PROBLEM REQUIREMENTS >> Look below for the line that contains "Section WeightedGram.", then copy it and each following line exactly, through and including the line that contains "Proof. by rewrite /wgram trmx_mul".

Saved entries:
Lemma diag_form_norm_le k t (a b d : 'rV[R]_k) : (forall j, `|d 0 j| <= t) ->
  `|(a *m diag_mx d *m b^T) 0 0| <= t / 2 * (sqnorm a + sqnorm b).
Proof.
move=> d_le; rewrite diag_formE; apply: le_trans (ler_norm_sum _ _ _) _.
rewrite !sqnormE -big_split mulr_sumr; apply: ler_sum => j _.
have t_ge0 : 0 <= t by apply: le_trans (d_le j).
have := mulr_le_amgm `|a 0 j| `|b 0 j| ltr01.
rewrite mul1r divr1 !real_normK ?num_real // => amgm.
rewrite mulrAC !normrM; apply: le_trans (_ : t * (`|a 0 j| * `|b 0 j|) <= _).
  by rewrite mulrC; apply: ler_wpM2r; rewrite ?mulr_ge0.
rewrite -mulrA; apply: ler_wpM2l => //.
by rewrite ler_pdivlMl.
Qed.

Lemma coercive_unitmx k t (P : 'M[R]_k) : 0 < t ->
  (forall p, t * sqnorm p <= (p *m P *m p^T) 0 0) -> P \in unitmx.
Proof.
move=> t_gt0 P_ge; rewrite -row_free_unit -kermx_eq0; apply: contraT.
case/rowV0Pn => p /sub_kermxP pP0 p_neq0.
by have := P_ge p; rewrite pP0 mul0mx mxE leNgt mulr_gt0 ?sqnorm_gt0.
Qed.

Lemma sqnorm_mul_invmx_le k t (P : 'M[R]_k) : 0 < t ->
  (forall p, t * sqnorm p <= (p *m P *m p^T) 0 0) ->
  forall u, sqnorm (u *m invmx P) <= sqnorm u / t ^+ 2.
Proof.
move=> t_gt0 P_ge u; apply: sqnorm_le_mulmx_tr => //.
apply: le_trans (P_ge _) _; by rewrite mulmxKV ?(coercive_unitmx t_gt0 P_ge).
Qed.

End SquaredNorm.

Section NormalForm.
Variable C : numClosedFieldType.
Local Open Scope sesquilinear_scope.

Lemma eigenvalue_spectral_diag n (A : 'M[C]_n) j :
  A \is normalmx -> eigenvalue A (spectral_diag A 0 j).
Proof.
move=> /orthomx_spectralP; have U_unit := spectral_unit A.
set U := spectralmx A; set d := spectral_diag A => A_eq.
apply/eigenvalueP; exists (delta_mx 0 j *m U).
  by rewrite A_eq !mulmxA mulmxK // -[_ *m diag_mx d]rowE row_diag_mx -scalemxAl.
rewrite mulmx_free_eq0 ?row_free_unit //; apply/eqP => /rowP/(_ j).
by rewrite !mxE !eqxx; apply/eqP; exact: oner_neq0.
Qed.

Lemma normalmx_form_le n (A : 'M[C]_n) (h : C) : A \is normalmx ->
  (forall j, spectral_diag A 0 j <= h) ->
  forall v : 'rV_n, (v *m A *m v ^t*) 0 0 <= h * (v *m v ^t*) 0 0.
Proof.
move=> /orthomx_spectralP A_eq d_le v; set U := spectralmx A.
have U_unitary : U \is unitarymx := spectral_unitarymx A.
set z := v *m U ^t*.
have zC : z ^t* = U *m v ^t*.
  by rewrite /z trmx_mul map_mxM trmxCK.
have -> : v *m A *m v ^t* = z *m diag_mx (spectral_diag A) *m z ^t*.
  by rewrite zC {1}A_eq invmx_unitary // !mulmxA.
have -> : v *m v ^t* = z *m z ^t*.
  by rewrite zC /z mulmxA mulmxKtV.
rewrite mul_mx_diag !mxE mulr_sumr; apply: ler_sum => j _.
rewrite !mxE mulrAC [h * _]mulrC; apply: ler_wpM2l; first exact: mul_conjC_ge0.
exact: d_le.
Qed.

End NormalForm.

(* The spectral theorem is only available over a numClosedFieldType, so a real
   symmetric matrix is handled through its image in R[i]. *)
Section Rayleigh.
Variable R : rcfType.
Local Open Scope sesquilinear_scope.
Local Notation toC := (real_complex R).

Lemma real_complex_real (x : R) : toC x \is Num.real.
Proof. by rewrite realE -[0 : R[i]]/(toC 0) !lecR le_total. Qed.

Lemma real_complexRe (c : R[i]) : c \is Num.real -> c = toC (complex.Re c).
Proof.
case: c => a b; rewrite realE !lecE /= => /orP[] /andP[] /eqP b0 _.
- by rewrite b0.
- by rewrite -b0.
Qed.

Lemma map_real_complex_trC k1 k2 (B : 'M[R]_(k1, k2)) :
  (map_mx toC B) ^t* = map_mx toC B^T.
Proof. by apply/matrixP => i j; rewrite !mxE; exact/CrealP/real_complex_real. Qed.

Lemma rayleigh_le m (P : 'M[R]_m) (hi : R) : P^T = P ->
  (forall a, eigenvalue P a -> a <= hi) ->
  forall v : 'rV_m, (v *m P *m v^T) 0 0 <= hi * sqnorm v.
Proof.
move=> P_sym P_ev v; set Pc := map_mx toC P.
have Pc_herm : Pc \is hermsymmx.
  apply: realsym_hermsym; last by apply/mxOverP => i j; rewrite mxE real_complex_real.
  apply/is_hermitianmxP; rewrite expr0 scale1r map_mx_id //.
  by rewrite /Pc map_trmx P_sym.
have Pc_normal := hermitian_normalmx Pc_herm.
have d_le j : spectral_diag Pc 0 j <= toC hi.
  have d_real : spectral_diag Pc 0 j \is Num.real.
    exact: mxOverP (hermitian_spectral_diag_real Pc_herm) 0 j.
  have := eigenvalue_spectral_diag j Pc_normal.
  by rewrite (real_complexRe d_real) eigenvalue_map lecR; exact: P_ev.
have := normalmx_form_le Pc_normal d_le (map_mx toC v).
by rewrite /sqnorm map_real_complex_trC -!map_mxM !mxE -rmorphM lecR.
Qed.

Lemma rayleigh_ge m (P : 'M[R]_m) (lo : R) : P^T = P ->
  (forall a, eigenvalue P a -> lo <= a) ->
  forall v : 'rV_m, lo * sqnorm v <= (v *m P *m v^T) 0 0.
Proof.
move=> P_sym P_ev v.
have NP_sym : (- P)^T = - P by rewrite linearN /= P_sym.
have NP_ev a : eigenvalue (- P) a -> a <= - lo.
  case/eigenvalueP => u uP u_neq0; rewrite lerNr; apply: P_ev.
  by apply/eigenvalueP; exists u; rewrite // scaleNr -uP mulmxN opprK.
by have := rayleigh_le NP_sym NP_ev v; rewrite mulmxN mulNmx mxE mulNr lerN2.
Qed.

End Rayleigh.

Section WeightedGram.
Variable R : realFieldType.

Definition wgram m n (A : 'M[R]_(m, n)) (d : 'rV[R]_n) : 'M[R]_m :=
  A *m diag_mx d *m A^T.

Lemma trmx_wgram m n (A : 'M[R]_(m, n)) d : (wgram A d)^T = wgram A d.
Proof. by rewrite /wgram !trmx_mul trmxK tr_diag_mx mulmxA. Qed.

Lemma wgramB m n (A : 'M[R]_(m, n)) d1 d2 :
  wgram A d1 - wgram A d2 = wgram A (d1 - d2).
Proof. by rewrite /wgram linearB /= mulmxBr mulmxBl. Qed.

Lemma wgram_formE m n (A : 'M[R]_(m, n)) d (p q : 'rV_m) :
  p *m wgram A d *m q^T = p *m A *m diag_mx d *m (q *m A)^T.
Proof. by rewrite /wgram trmx_mul !mulmxA. Qed.

End WeightedGram.

Lemma invmxB (R : comUnitRingType) n (X Y : 'M[R]_n) :
  X \in unitmx -> Y \in unitmx ->
  invmx X - invmx Y = invmx X *m (Y - X) *m invmx Y.
Proof.
move=> X_unit Y_unit.
by rewrite mulmxBr mulmxBl mulmxK // mulVmx // mul1mx.
Qed.

Section DiagonalScaling.
Variable R : realType.

Lemma diagv_mul_diagv n (x : 'cV[R]_n) : diagv x *m diagv x = diag_mx (sqv x)^T.
Proof. by rewrite /diagv mulmx_diag; congr diag_mx; apply/rowP => j; rewrite !mxE. Qed.

Lemma diagv_wgram m n (A : 'M[R]_(m, n)) x :
  A *m diagv x *m diagv x *m A^T = wgram A (sqv x)^T.
Proof. by rewrite -[A *m _ *m diagv x]mulmxA diagv_mul_diagv. Qed.

Lemma Sigma_wgram m n (A : 'M[R]_(m, n)) x : Sigma A x = invmx (wgram A (sqv x)^T).
Proof. by rewrite /Sigma diagv_wgram. Qed.

Lemma trmx_diagv n (x : 'cV[R]_n) : (diagv x)^T = diagv x.
Proof. exact: tr_diag_mx. Qed.

Lemma inftynorm_ge n (x : 'cV[R]_n) i : `|x i 0| <= inftynorm x.
Proof. exact: (le_bigmax 0 (fun i => `|x i 0|)). Qed.

Lemma inftynorm_ge0 n (x : 'cV[R]_n) : 0 <= inftynorm x.
Proof.
by apply: (big_ind (fun y : R => 0 <= y)) => // a b a_ge0 _; rewrite le_max a_ge0.
Qed.

Lemma sqv_bounded n (x : 'cV[R]_n) (lo hi : R) : 0 <= lo ->
  (forall i, lo <= x i 0 <= hi) -> forall j, lo ^+ 2 <= (sqv x)^T 0 j <= hi ^+ 2.
Proof.
move=> lo_ge0 x_bd j; have /andP[lo_le le_hi] := x_bd j.
by rewrite !mxE; apply/andP; split; nra.
Qed.

End DiagonalScaling.

Section PerturbationBound.
Variables (R : realType) (m n : nat) (A : 'M[R]_(m, n)) (xmin xmax lmin lmax : R).
Hypotheses (AAT_unit : A *m A^T \in unitmx) (xmin_gt0 : 0 < xmin)
  (lmaxP : is_lmax (A *m A^T) lmax) (lminP : is_lmin (A *m A^T) lmin).

Local Notation bounded x := (forall i, xmin <= x i 0 <= xmax).

Let AAT_sym : (A *m A^T)^T = A *m A^T.
Proof. by rewrite trmx_mul trmxK. Qed.

Lemma sqnorm_mulA_le p : sqnorm (p *m A) <= lmax * sqnorm p.
Proof. by rewrite sqnorm_mulmx; exact: rayleigh_le AAT_sym lmaxP.2 p. Qed.

Lemma sqnorm_mulA_ge p : lmin * sqnorm p <= sqnorm (p *m A).
Proof. by rewrite sqnorm_mulmx; exact: rayleigh_ge AAT_sym lminP.2 p. Qed.

Lemma lmin_gt0 : 0 < lmin.
Proof.
have [v vAAT v_neq0] := eigenvalueP lminP.1.
have lmin_neq0 : lmin != 0.
  apply: contra_neq v_neq0 => lmin0; apply/eqP.
  rewrite -(mulmx_free_eq0 _ (_ : row_free (A *m A^T))) ?row_free_unit //.
  by rewrite vAAT lmin0 scale0r.
have lmin_ge0 : 0 <= lmin.
  have := sqnorm_ge0 (v *m A).
  by rewrite sqnorm_mulmx vAAT -scalemxAl mxE pmulr_lge0 ?sqnorm_gt0.
by rewrite lt_def lmin_neq0.
Qed.

Lemma lmax_gt0 : 0 < lmax.
Proof. exact: lt_le_trans lmin_gt0 (lmaxP.2 _ lminP.1). Qed.

Lemma sqnorm_mulAT_le z : sqnorm (z *m A^T) <= lmax * sqnorm z.
Proof. exact: sqnorm_mul_trmx_le lmax_gt0 sqnorm_mulA_le z. Qed.

Let k := xmin ^+ 2 * lmin.

Let k_gt0 : 0 < k.
Proof. by rewrite mulr_gt0 ?exprn_gt0 ?lmin_gt0. Qed.

Let scale_ge0 (d : 'cV[R]_n) : 0 <= inftynorm d * lmax / k ^+ 2.
Proof.
by apply: divr_ge0; [exact: mulr_ge0 (inftynorm_ge0 d) (ltW lmax_gt0) | exact: sqr_ge0].
Qed.

Lemma wgram_sqv_ge (x : 'cV[R]_n) : bounded x ->
  forall p, k * sqnorm p <= (p *m wgram A (sqv x)^T *m p^T) 0 0.
Proof.
move=> x_bd p; rewrite wgram_formE /k -mulrA.
apply: le_trans (_ : xmin ^+ 2 * sqnorm (p *m A) <= _).
  by rewrite ler_wpM2l ?sqr_ge0 ?sqnorm_mulA_ge.
by apply: diag_form_ge => j; have /andP[] := sqv_bounded (ltW xmin_gt0) x_bd j.
Qed.

Lemma wgram_sqv_le (x : 'cV[R]_n) : bounded x ->
  forall p, (p *m wgram A (sqv x)^T *m p^T) 0 0 <= xmax ^+ 2 * lmax * sqnorm p.
Proof.
move=> x_bd p; rewrite wgram_formE -mulrA.
apply: le_trans (_ : xmax ^+ 2 * sqnorm (p *m A) <= _).
  by apply: diag_form_le => j; have /andP[] := sqv_bounded (ltW xmin_gt0) x_bd j.
by rewrite ler_wpM2l ?sqr_ge0 ?sqnorm_mulA_le.
Qed.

REPLY TO THE TASK >>
Section WeightedGram.
Variable R : realFieldType.

Definition wgram m n (A : 'M[R]_(m, n)) (d : 'rV[R]_n) : 'M[R]_m :=
  A *m diag_mx d *m A^T.

Lemma trmx_wgram m n (A : 'M[R]_(m, n)) d : (wgram A d)^T = wgram A d.
Proof. by rewrite /wgram !trmx_mul trmxK tr_diag_mx mulmxA. Qed.

Lemma wgramB m n (A : 'M[R]_(m, n)) d1 d2 :
  wgram A d1 - wgram A d2 = wgram A (d1 - d2).
Proof. by rewrite /wgram linearB /= mulmxBr mulmxBl. Qed.

Lemma wgram_formE m n (A : 'M[R]_(m, n)) d (p q : 'rV_m) :
  p *m wgram A d *m q^T = p *m A *m diag_mx d *m (q *m A)^T.
Proof. by rewrite /wgram trmx_mul !mulmxA. Qed.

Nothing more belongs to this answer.